De certo, a utilização de termos como “imagens mentais” não seria totalmente compreendida pela maioria dos entrevistados tendo em vista o grau de escolaridade dos mesmos. O questionário enfrentado pelos deficientes, portanto, abordou indiretamente a questão da imagem como forma de testar as hipóteses e construir consequências testáveis.

Assim, conforme argumentado no início deste capítulo, a pesquisa mostra resultados de maneira indireta quanto à polissensibilidade, baseado na afirmativa do DV de que consegue imaginar o que está sendo repassado através do som.

Ocorre que não se pode saber o que estes deficientes querem dizer com “imaginar coisas” porque nesta questão há muito de conhecimento tácito, ou seja, não comunicável.

O que acontece na cabeça do DV, ou seja, como ele arruma essa informação, como o cérebro dele vê, visualiza, uma possível imagem sonora? No caso dos DVs, a resposta destas perguntas exigia experimentos mais sofisticados, com a utilização de um laboratório específico, que é tarefa dos estudiosos de ciências cognitivas.

O questionário aplicado ao grupo aqui estudado levanta essas possibilidades, mas não é conclusivo no sentido de exigir testes mais finos para as consequências observadas.

CONCLUSÃO

A importância da TV no Brasil é tamanha que ela se torna o principal meio selecionado não apenas pelos videntes, mas também pelos deficientes visuais, mesmo que estes não tenham acesso às imagens.

As imagens possuem o poder de garantir a sobrevivência do homem no sentido de que o mesmo está programado biologicamente para reconhecer as coisas que o cercam e a partir disto saber distinguir o que lhe é benéfico para garantir a sua permanência. Elas são instrumento primordial na TV, visto que esta tem o importante papel de passar as informações adicionais ao som.

Mas as imagens não podem ser pensadas como alternativas ou complementares ao som. Apesar da enorme valorização da imagem pela televisão, esta ainda não vem trabalhando em melhorias para que aqueles que não detém o recursos visual possam ter acesso a toda, ou ao menos a grande parte da informação transmitida.

Tal importância conferida ao som se dá porque no caso do DV, mesmo sem o recurso da imagem, ao assistir à televisão, esses sujeitos acabam por captar as informações apenas pelo que ouvem. Neste tocante, o som fomenta a imaginação, proporcionando a estes deficientes a formação de mapas mentais.

Em outras palavras, a mente do deficiente visual reage de maneira eficiente para que ele compreenda o significado do som ao assistir televisão e tal compreensão se dá pela geração de mapas mentais decorrentes da percepção.

Como receptores, os DVs integram as mensagens transmitidas pela televisão em suas vidas, construindo suas realidades ao analisar o que é transmitido.

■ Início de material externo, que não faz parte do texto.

(* Let $G=G_+G_-$ be a unique factorization of a finite group $G$, let $\xi,\eta:G_+\to G_-$ be maps and $r:G_+\times G_+\to\mathbb R_{>0}$ a function such that \[ R=\sum_{u,v\in G_+} r(u,v)\,\{u(\eta(v)^{u})^{-1}\}\otimes\{v\,\xi(u)\} \] is a positive quasi-triangular structure on $H(G;G_+,G_-)$. Then $r(u,v)=1$ for all $u,v\in G_+$.
   Context: A unique factorization $G=G_+G_-$ consists of subgroups $G_+,G_-$ such that every $g\in G$ is uniquely $g=g_+g_-$ with $g_+\in G_+$, $g_-\in G_-$. For $u\in G_+$, $x\in G_-$ define ${}^u x\in G_-$, $u^x\in G_+$, ${}^x u\in G_+$, $x^u\in G_-$ by $ux=({}^u x)(u^x)$ and $xu=({}^x u)(x^u)$. $H(G;G_+,G_-)$ is the complex vector space with basis $\{g\}$, $g\in G$, and Hopf algebra structure: $\{g\}\{h\}=\delta_{g_+^{\,g_-},\,h_+}\{g h_-\}$; unit $1=\sum_{u\in G_+}\{u\}$; $\Delta\{g\}=\sum_{h\in G_+}\{g_+h^{-1}({}^{h}g_-)\}\otimes\{h g_-\}$; $\varepsilon\{g\}=\delta_{g_+,e}$; $S\{g\}=\{g^{-1}\}$. A quasi-triangular structure on a Hopf algebra $H$ is an invertible $R\in H\otimes H$ with $\tau\Delta(a)=R\Delta(a)R^{-1}$ for all $a$ ($\tau$ the flip), $(\Delta\otimes\mathrm{id})R=R_{13}R_{23}$, $(\mathrm{id}\otimes\Delta)R=R_{13}R_{12}$, and $(\varepsilon\otimes\mathrm{id})R=(\mathrm{id}\otimes\varepsilon)R=1$. An element of $H(G;G_+,G_-)^{\otimes 2}$ is positive if it is a linear combination of the $\{g\}\otimes\{h\}$ with non-negative real coefficients. *)

From HB Require Import structures.
From mathcomp Require Import all_boot all_order all_algebra all_fingroup.
Set Implicit Arguments. Unset Strict Implicit. Unset Printing Implicit Defensive.
Import Order.TTheory GRing.Theory Num.Theory.
Local Open Scope ring_scope.

(* The finite group G is the whole finGroupType gT; G_+ = Gp, G_- = Gm.
   Elements of H = H(G;G_+,G_-) are functions gT -> C (coefficients on the
   basis {g}); elements of H⊗H (resp. H⊗H⊗H) are functions on gT*gT
   (resp. gT*gT*gT). *)

Definition unique_factorization (gT : finGroupType) (Gp Gm : {group gT}) : Prop :=
  forall g : gT, exists! p : gT * gT,
    [/\ p.1 \in Gp, p.2 \in Gm & g = (p.1 * p.2)%g].

Section Hopf.
Variables (gT : finGroupType) (C : numClosedFieldType) (Gp Gm : {group gT}).

Definition fact (g : gT) : gT * gT :=
  odflt (1, 1)%g [pick p : gT * gT | (p.1 \in Gp) && (p.2 \in Gm) && ((p.1 * p.2)%g == g)].
Definition pl (g : gT) : gT := (fact g).1.
Definition mi (g : gT) : gT := (fact g).2.

(* u x = (^u x)(u^x), with ^u x in G_-, u^x in G_+  (u in G_+, x in G_-) *)
Definition lact_m (u x : gT) : gT := ((mi ((u * x)^-1)%g)^-1)%g.
Definition ract_p (u x : gT) : gT := ((pl ((u * x)^-1)%g)^-1)%g.
(* x u = (^x u)(x^u), with ^x u in G_+, x^u in G_-  (x in G_-, u in G_+) *)
Definition lact_p (x u : gT) : gT := pl (x * u)%g.
Definition ract_m (x u : gT) : gT := mi (x * u)%g.

Definition bas (g : gT) : gT -> C := fun k => (k == g)%:R.

(* structure constants: {g}{h} = delta_{g_+^{g_-}, h_+} {g h_-} *)
Definition mulc (g h k : gT) : C :=
  ((ract_p (pl g) (mi g) == pl h) && ((g * mi h)%g == k))%:R.

Definition Hmul (a b : gT -> C) : gT -> C :=
  fun k => \sum_(g : gT) \sum_(h : gT) a g * b h * mulc g h k.
Definition Hone : gT -> C := fun k => (k \in Gp)%:R.
Definition Hcomul (a : gT -> C) : gT * gT -> C :=
  fun p => \sum_(g : gT) a g *
     \sum_(h in Gp) ((p.1 == (pl g * h^-1 * lact_m h (mi g))%g)
                     && (p.2 == (h * mi g)%g))%:R.
Definition Hcounit (a : gT -> C) : C := \sum_(g : gT) a g * (pl g == 1%g)%:R.

Definition H2mul (X Y : gT * gT -> C) : gT * gT -> C :=
  fun p => \sum_(q : gT * gT) \sum_(q' : gT * gT)
             X q * Y q' * mulc q.1 q'.1 p.1 * mulc q.2 q'.2 p.2.
Definition H2one : gT * gT -> C := fun p => Hone p.1 * Hone p.2.
Definition flip (X : gT * gT -> C) : gT * gT -> C := fun p => X (p.2, p.1).

(* H⊗H⊗H, triples written ((x, y), z) *)
Definition H3mul (X Y : gT * gT * gT -> C) : gT * gT * gT -> C :=
  fun p => \sum_(q : gT * gT * gT) \sum_(q' : gT * gT * gT)
             X q * Y q' * mulc q.1.1 q'.1.1 p.1.1 * mulc q.1.2 q'.1.2 p.1.2
               * mulc q.2 q'.2 p.2.
Definition leg12 (X : gT * gT -> C) : gT * gT * gT -> C :=
  fun p => X p.1 * Hone p.2.
Definition leg13 (X : gT * gT -> C) : gT * gT * gT -> C :=
  fun p => X (p.1.1, p.2) * Hone p.1.2.
Definition leg23 (X : gT * gT -> C) : gT * gT * gT -> C :=
  fun p => Hone p.1.1 * X (p.1.2, p.2).
Definition comul_id (X : gT * gT -> C) : gT * gT * gT -> C :=
  fun p => \sum_(g : gT) X (g, p.2) * Hcomul (bas g) p.1.
Definition id_comul (X : gT * gT -> C) : gT * gT * gT -> C :=
  fun p => \sum_(h : gT) X (p.1.1, h) * Hcomul (bas h) (p.1.2, p.2).
Definition counit_id (X : gT * gT -> C) : gT -> C :=
  fun k => \sum_(g : gT) X (g, k) * Hcounit (bas g).
Definition id_counit (X : gT * gT -> C) : gT -> C :=
  fun k => \sum_(h : gT) X (k, h) * Hcounit (bas h).

Definition quasi_triangular (R : gT * gT -> C) : Prop :=
  [/\ exists Ri : gT * gT -> C, H2mul R Ri = H2one /\ H2mul Ri R = H2one,
      forall (Ri : gT * gT -> C), H2mul R Ri = H2one -> H2mul Ri R = H2one ->
        forall a : gT -> C, flip (Hcomul a) = H2mul (H2mul R (Hcomul a)) Ri,
      comul_id R = H3mul (leg13 R) (leg23 R),
      id_comul R = H3mul (leg13 R) (leg12 R)
    & counit_id R = Hone /\ id_counit R = Hone].

Definition positive2 (R : gT * gT -> C) : Prop := forall p, 0 <= R p.

Definition Rform (xi eta : gT -> gT) (r : gT -> gT -> C) : gT * gT -> C :=
  fun p => \sum_(u in Gp) \sum_(v in Gp)
     r u v * ((p.1 == (u * (ract_m (eta v) u)^-1)%g)
              && (p.2 == (v * xi u)%g))%:R.

End Hopf.

(* Comparing the coefficients of (Delta (x) id) R = R13 R23 and of
   (id (x) Delta) R = R13 R12 on suitable basis tensors, where exactly one
   term of the product survives, gives
     r(wh, v) = r(w, v) r(h, v^xi(w))   and   r(u, kh) = r(u, h) r(^eta(h) u, k).
   By the second identity, and since u |-> ^eta(h) u permutes G_+, the column
   products P(v) = prod_u r(u, v) form a homomorphism from G_+ to the
   positive reals, hence P = 1. Taking the product over h of the first
   identity then gives P(v) = r(w, v)^|G_+| P(v^xi(w)), so r(w, v) = 1. *)

From mathcomp Require Import all_boot all_order all_algebra all_fingroup.
Import Order.TTheory GRing.Theory Num.Theory.
Local Open Scope ring_scope.
Set Implicit Arguments. Unset Strict Implicit. Unset Printing Implicit Defensive.
(* Let $\Phi=(G,\varphi)$ be a complex unit gain graph and let $v$ be a vertex lying on a cycle of $G$. (i) If $r(\Phi)=r(G)-2\theta(G)$, then $r(\Phi)=r(\Phi-v)$, $r(G-v)=r(G)-2$ and $\theta(G)=\theta(G-v)+1$. (ii) If $r(\Phi)=r(G)+2\theta(G)$, then $r(\Phi)=r(\Phi-v)+2$, $r(G-v)=r(G)$ and $\theta(G)=\theta(G-v)+1$. (iii) If $r(\Phi)=r(G)-2\theta(G)$ (respectively $r(\Phi)=r(G)+2\theta(G)$), then $r(\Phi-v)=r(G-v)-2\theta(G-v)$ (respectively $r(\Phi-v)=r(G-v)+2\theta(G-v)$), $v$ lies on exactly one cycle of $G$, and $v$ is not a quasi-pendant vertex of $G$.
   Context: A complex unit gain graph $\Phi=(G,\varphi)$ consists of a finite simple graph $G$ with vertex set $\{v_1,\dots,v_n\}$ and a gain function $\varphi$ assigning to each oriented edge $e_{ij}$ ($v_iv_j\in E(G)$) a complex number of modulus $1$ with $\varphi(e_{ji})=\overline{\varphi(e_{ij})}$. $A(\Phi)$ is the Hermitian matrix with $(i,j)$ entry $\varphi(e_{ij})$ if $v_iv_j\in E(G)$ and $0$ otherwise; $r(\Phi)$ is its rank; $r(\cdot)$ of a simple graph is the rank of its $0$-$1$ adjacency matrix. $\Phi-v$ is the induced gain subgraph obtained by deleting $v$ and its incident edges (with underlying graph $G-v$). $\theta(G)=|E(G)|-|V(G)|+\omega(G)$, $\omega(G)$ the number of components. A quasi-pendant vertex is a vertex adjacent to a vertex of degree $1$. *)

From HB Require Import structures.
From mathcomp Require Import all_boot all_order all_algebra.
From mathcomp Require Import complex.
From mathcomp Require Import reals.
Set Implicit Arguments. Unset Strict Implicit. Unset Printing Implicit Defensive.
Import Order.TTheory GRing.Theory Num.Theory.
Local Open Scope ring_scope.

(* A simple graph on a finite vertex type V is a symmetric irreflexive rel V. *)

Section GainGraphs.
Variable R : realType.
Variable V : finType.

Definition gain_mx (adj : rel V) (phi : V -> V -> R[i]) : 'M[R[i]]_#|V| :=
  \matrix_(i, j) (if adj (enum_val i) (enum_val j)
                  then phi (enum_val i) (enum_val j) else 0).

Definition gain_rank (adj : rel V) (phi : V -> V -> R[i]) : nat :=
  \rank (gain_mx adj phi).
End GainGraphs.

Definition adj01_mx (V : finType) (adj : rel V) : 'M[rat]_#|V| :=
  \matrix_(i, j) (adj (enum_val i) (enum_val j))%:R.

Definition graph_rank (V : finType) (adj : rel V) : nat := \rank (adj01_mx adj).

Definition edge_set (V : finType) (adj : rel V) : {set {set V}} :=
  [set e : {set V} | [exists x, exists y, adj x y && (e == [set x; y])]].

Definition ncomp (V : finType) (adj : rel V) : nat :=
  n_comp (connect adj) (mem (@predT V)).

Definition theta (V : finType) (adj : rel V) : int :=
  (#|edge_set adj|%:Z - #|V|%:Z + (ncomp adj)%:Z)%R.

Definition del_vertex (V : finType) (v : V) := {x : V | x != v}.
Definition del_adj (V : finType) (adj : rel V) (v : V) : rel (del_vertex v) :=
  fun x y => adj (val x) (val y).
Definition del_gain (V : finType) (T : Type) (phi : V -> V -> T) (v : V) :
  del_vertex v -> del_vertex v -> T :=
  fun x y => phi (val x) (val y).

Definition is_cycle (V : finType) (adj : rel V) (s : seq V) : bool :=
  [&& uniq s, (3 <= size s)%N & cycle adj s].

Definition cycle_edges (V : finType) (s : seq V) : {set V * V} :=
  [set p : V * V | (p.1 \in s) && ((next s p.1 == p.2) || (prev s p.1 == p.2))].

Definition on_cycle (V : finType) (adj : rel V) (v : V) : Prop :=
  exists s : seq V, is_cycle adj s /\ v \in s.

(* v lies on exactly one cycle: all cycles through v have the same edge set
   (a cycle of a simple graph is determined by its edge set) *)
Definition on_unique_cycle (V : finType) (adj : rel V) (v : V) : Prop :=
  on_cycle adj v /\
  forall s1 s2 : seq V, is_cycle adj s1 -> v \in s1 -> is_cycle adj s2 -> v \in s2 ->
    cycle_edges s1 = cycle_edges s2.

Definition degree (V : finType) (adj : rel V) (x : V) : nat := #|[set y | adj x y]|.

Definition quasi_pendant (V : finType) (adj : rel V) (v : V) : Prop :=
  exists u, adj v u /\ degree adj u = 1%N.

Arguments del_adj {V} adj v.
Arguments del_gain {V T} phi v.

(* Both A(Phi) and the 0-1 matrix A(G) have support exactly the edges of G, and
   for any two matrices M1, M2 with the same support (over arbitrary fields)
   r(M1) <= r(M2) + 2 theta(G).  This is proved by induction on |V|: the first
   vertex y of a maximal path is isolated (delete y), or a leaf (delete its
   neighbour, which lowers both ranks by exactly 2), or has two neighbours joined
   by a path avoiding y (delete y: theta drops by at least 1 and each rank by at
   most 2).  Now let r(M1) = r(M2) - 2 theta(G) and let v lie on a cycle.  The bound
   for G - v, with r(M1 - v) <= r(M1) and r(M2) <= r(M2 - v) + 2, forces equality
   everywhere, which gives (i), and (ii) after exchanging M1 and M2.  In particular
   theta drops by exactly 1 at every cycle vertex.  Two cycles through v with
   different edge sets meet at a vertex whose cycle-neighbours differ, and deleting
   it lowers theta by 2; a leaf attached to v would give r(M1 - v) = r(M1) - 2. *)

From HB Require Import structures.
From mathcomp Require Import all_boot all_order all_algebra.
From mathcomp Require Import complex.
From mathcomp Require Import reals.
From mathcomp Require Import zify.
Set Implicit Arguments. Unset Strict Implicit. Unset Printing Implicit Defensive.
Import Order.TTheory GRing.Theory Num.Theory.
Local Open Scope ring_scope.

Section DeleteIndex.
Variables (K : fieldType) (m n : nat) (g : 'I_m -> 'I_n) (k : 'I_n).
Hypothesis g_onto : forall i, i != k -> exists j, g j = i.

Lemma rowsub_addsmx_eqmx p (A : 'M[K]_(n, p)) : (A == rowsub g A + row k A)%MS.
Proof.
apply/andP; split; last by rewrite addsmx_sub rowsub_sub row_sub.
apply/row_subP => i; have [->|ik] := eqVneq i k; first exact: addsmxSr.
have [j <-] := g_onto ik; rewrite -row_rowsub.
exact: submx_trans (row_sub _ _) (addsmxSl _ _).
Qed.

Lemma mxrank_rowsub_leS p (A : 'M[K]_(n, p)) : (\rank A <= (\rank (rowsub g A)).+1)%N.
Proof.
rewrite (eqmx_rank (rowsub_addsmx_eqmx A)).
apply: leq_trans (mxrank_adds_leqif _ _) _.
by rewrite -[X in (_ <= X)%N]addn1 leq_add2l rank_leq_row.
Qed.

Lemma mxrank_rowsub_row0 p (A : 'M[K]_(n, p)) : row k A = 0 -> \rank (rowsub g A) = \rank A.
Proof. by move=> Ak0; rewrite (eqmx_rank (rowsub_addsmx_eqmx A)) Ak0 addsmx0. Qed.

Lemma mxrank_rowsub_pivot p (A : 'M[K]_(n, p)) c :
  A k c != 0 -> (forall j, A (g j) c = 0) -> \rank A = (\rank (rowsub g A)).+1.
Proof.
move=> Akc Agc; apply/eqP; rewrite eqn_leq mxrank_rowsub_leS (eqmx_rank (rowsub_addsmx_eqmx A)).
have [le_rank eq_rank] := mxrank_leqif_sup (addsmxSl (rowsub g A) (row k A)).
rewrite ltn_neqAle le_rank andbT eq_rank addsmx_sub submx_refl /=.
apply/negP => /submxP[D /(congr1 (fun B : 'M_(1, p) => B 0 c))].
rewrite !mxE big1 => [Ak0|j _]; first by rewrite Ak0 eqxx in Akc.
by rewrite !mxE Agc mulr0.
Qed.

A discriminação sonora realizada pelo deficiente ao assistir televisão provoca, portanto, uma série de associações através da maneira polissensível que essas pessoas vivenciam ao assistir televisão.

Em verdade, o som captado pelo DV desenvolve um perfil polissensível, acionando a operação dos demais sentidos que funcionarão coordenados à compreensão do que está sendo transmitido pela TV. É a série de sensações causadas pela discriminação sonora, e não o som propriamente dito, a

responsável pela formação dos já discutidos mapas mentais. Este caráter traz ao som o papel de expansor das operações cognitivas do deficiente visual.

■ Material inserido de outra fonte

Lemma min_charged_translate_null k bs b (n : d.-tuple int) (i0 : 'I_d) :
  (forall k', charged k' -> center_dist2 k <= center_dist2 k') ->
  bs \in B -> (0 < mu (cell (fun i => k i - 2 * (tnth bs i)%:Z)%R))%E ->
  b \in B -> tnth n i0 != 0 ->
  mu (cell (fun i =>
    k i + 2 * ((tnth m i)%:Z * tnth n i) - 2 * (tnth b i)%:Z)) = 0%E.
Proof.
move=> k_min bsB j_pos bB n_i0.
apply/eqP; rewrite -measure_le0 leNgt; apply/negP => j'_pos.
have j_rng := cell_gt0_code_unit spt_cube j_pos.
have j'_rng := cell_gt0_code_unit spt_cube j'_pos.
(* Both codes are charged (via [bs], resp. [b]) and sum to [2 k + 2 R n]. *)
have dist_k' : center_dist2 k <= center_dist2 (fun i =>
    k i + 2 * ((tnth m i)%:Z * tnth n i) - 2 * (tnth b i)%:Z + 2 * (tnth bs i)%:Z).
  by apply: k_min; exists bs => //; under eq_fun do rewrite addrK.
have dist_k'' : center_dist2 k <=
    center_dist2 (fun i => k i - 2 * (tnth bs i)%:Z + 2 * (tnth b i)%:Z).
  by apply: k_min; exists b => //; under eq_fun do rewrite addrK.
have coord i :=
  code_shift_sqr_le (B_lt_m bB i) (B_lt_m bsB i) (j_rng i) (j'_rng i).
have := ler_sum (index_enum 'I_d) (P := xpredT) (fun i _ => coord i).
rewrite !big_split /= sumr_const card_ord -mulr_sumr.
have shift_ge : 8 * (tnth m i0)%:Z <=
    \sum_(i < d) (if tnth n i == 0 then 0 else 8 * (tnth m i)%:Z).
  rewrite (bigD1 i0) //= (negPf n_i0) lerDl sumr_ge0 // => i _.
  by case: ifP.
move: dist_k' dist_k'' shift_ge (m_gt_d i0); rewrite /center_dist2.
set D := \sum_(i < d) (k i - _) ^+ 2.
set D' := \sum_(i < d) _ ^+ 2.
set D'' := \sum_(i < d) _ ^+ 2.
set S := \sum_(i < d) _.
lia.
Qed.

End MinimalChargedCell.

Theorem theorem4p1 (R : realType) (d : nat) (m : d.-tuple nat)
  (B : seq (d.-tuple nat)) (p : d.-tuple nat -> R)
  (mu : {measure set (d.-tuple R) -> \bar R}) :
  (* (R, B) in D_d, with m_i >= d + 1 *)
  (forall i, 2 <= tnth m i)%N ->
  (forall i, d.+1 <= tnth m i)%N ->
  B != [::] -> uniq B ->
  (forall b, b \in B -> forall i, tnth b i < tnth m i)%N ->
  (* positive weights *)
  (forall b, b \in B -> 0 < p b) ->
  (* mu finite, nonzero Borel measure with support in [0,1]^d *)
  (mu setT < +oo)%E -> mu setT != 0%E ->
  spt mu `<=` unit_cube ->
  exists E : set (d.-tuple R), measurable E /\
    (0 < nu_of m B p mu E)%E /\
    (forall n : d.-tuple int, n != [tuple 0 | _ < d] ->
       nu_of m B p mu (translate E (intvec n)) = 0%E).
Proof.
move=> _ m_gt_d B_neq0 _ B_lt_m p_gt0 _ mu_neq0 spt_cube.
have m_gt0 i : (0 < tnth m i)%N by apply: leq_trans (m_gt_d i).
have [b0 b0B] : exists b, b \in B.
  by move: B_neq0; case: (B) => // b B' _; exists b; rewrite mem_head.
have [j j_pos] := exists_cell_gt0 mu_neq0.
have charged_ex : exists k, charged B mu k.
  exists (fun i => j i + 2 * (tnth b0 i)%:Z); exists b0 => //.
  by under eq_fun do rewrite addrK.
have [k [bs bsB k_pos] k_min] := exists_min_nonneg (center_dist2_ge0 m) charged_ex.
exists (diagmul m @^-1` cell k); split; first exact: measurable_diagmul_preimage_cell.
split.
  rewrite nu_of_diagmul_preimage_cell // (big_rem bs bsB) /= lte_paddr //.
    rewrite big_seq sume_ge0 // => b /mem_rem bB.
    by rewrite mule_ge0 // lee_fin ltW ?p_gt0.
  by rewrite mule_gt0 // lte_fin p_gt0.
move=> n n_neq0.
have [i0 n_i0] : exists i, tnth n i != 0.
  apply/existsP; apply: contraNT n_neq0 => /existsPn n_eq0.
  by apply/eqP/eq_from_tnth => i; rewrite tnth_mktuple; apply/eqP/negPn/n_eq0.
rewrite nu_of_translate_diagmul_preimage_cell // big_seq big1 // => b bB.
have null := min_charged_translate_null B_lt_m m_gt_d spt_cube k_min bsB k_pos bB n_i0.
by rewrite null mule0.
Qed.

Ocorre que é muito difícil dizer exatamente como esses mapas mentais se formam na mente do deficiente visual. Não se sabe que tipo de imagens mentais se formam para a compreensão do que é repassado. Esta questão perpassa sobre discussões de conhecimento tácito, conforme exposto no último capítulo.

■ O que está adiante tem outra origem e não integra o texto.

(* Let $V=\{1,\dots,n\}$ and let $D,D'$ be self-adjoint $n\times n$ complex matrices, with associated weighted graphs $G$ and $G'$ on $V$, both connected. Suppose there are pairs $(i_1,j_1),\dots,(i_k,j_k)$ of distinct vertices such that the $2k$ vertices $i_1,j_1,\dots,i_k,j_k$ are pairwise distinct (the edges $\{i_s,j_s\}$ are pairwise unconnected), such that $D$ and $D'$ have the same entries except at the positions $(i_s,j_s)$ and $(j_s,i_s)$, and such that for each $s$ exactly one of $D_{i_sj_s}$, $D'_{i_sj_s}$ is zero and the other has modulus $1/w_s$ with $w_s\in(0,\infty)$ (so $G$ and $G'$ differ by addition or deletion of the edges $\{i_s,j_s\}$ of weights $w_s$). Let $x,y\in V$, let $d=d^D(x,y)$, $d'=d^{D'}(x,y)$, and put $$m=\max_{s=1,\dots,k}\frac{d^D(i_s,j_s)}{w_s},\qquad m'=\max_{s=1,\dots,k}\frac{d^{D'}(i_s,j_s)}{w_s}.$$ Then $$\frac{d}{1+m}\le d'\le (1+m')\,d.$$ In the particular case where $k=1$ and the single added/removed edge, of weight $w$, connects $x$ and $y$, one has $$\left|\frac{1}{d}-\frac{1}{d'}\right|\le\frac{1}{w}.$$
   Context: For a self-adjoint $n\times n$ matrix $M$, the weighted graph associated with $M$ has vertex set $\{1,\dots,n\}$ and an edge $\{i,j\}$ ($i\neq j$) of weight $|M_{ij}|^{-1}$ whenever $M_{ij}\neq 0$. The noncommutative distance is $d^M(i,j)=\sup\{|a(i)-a(j)| : a\in\mathbb{C}^n,\ \|[M,\pi(a)]\|\le 1\}$, where $\pi(a)=\mathrm{diag}(a(1),\dots,a(n))$ and $\|\cdot\|$ is the operator norm. *)

From HB Require Import structures.
From mathcomp Require Import all_boot all_order all_algebra.
From mathcomp Require Import all_classical all_reals.
From mathcomp Require Export complex.
Set Implicit Arguments. Unset Strict Implicit. Unset Printing Implicit Defensive.
Import Order.TTheory GRing.Theory Num.Theory.
Local Open Scope ring_scope.
Local Open Scope classical_set_scope.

Em outras palavras, do conjunto de hipóteses, algumas são de alto nível e a metodologia utilizada – questionário – procurou baixar o nível para consequências testáveis e observáveis, mas dada a questão do conhecimento tácito, algumas hipóteses não puderam ser plenamente satisfeitas durante esta pesquisa, pois merecem desenvolvimento mais aprofundado, talvez por profissionais que trabalhem diretamente com a questão do funcionamento cerebral.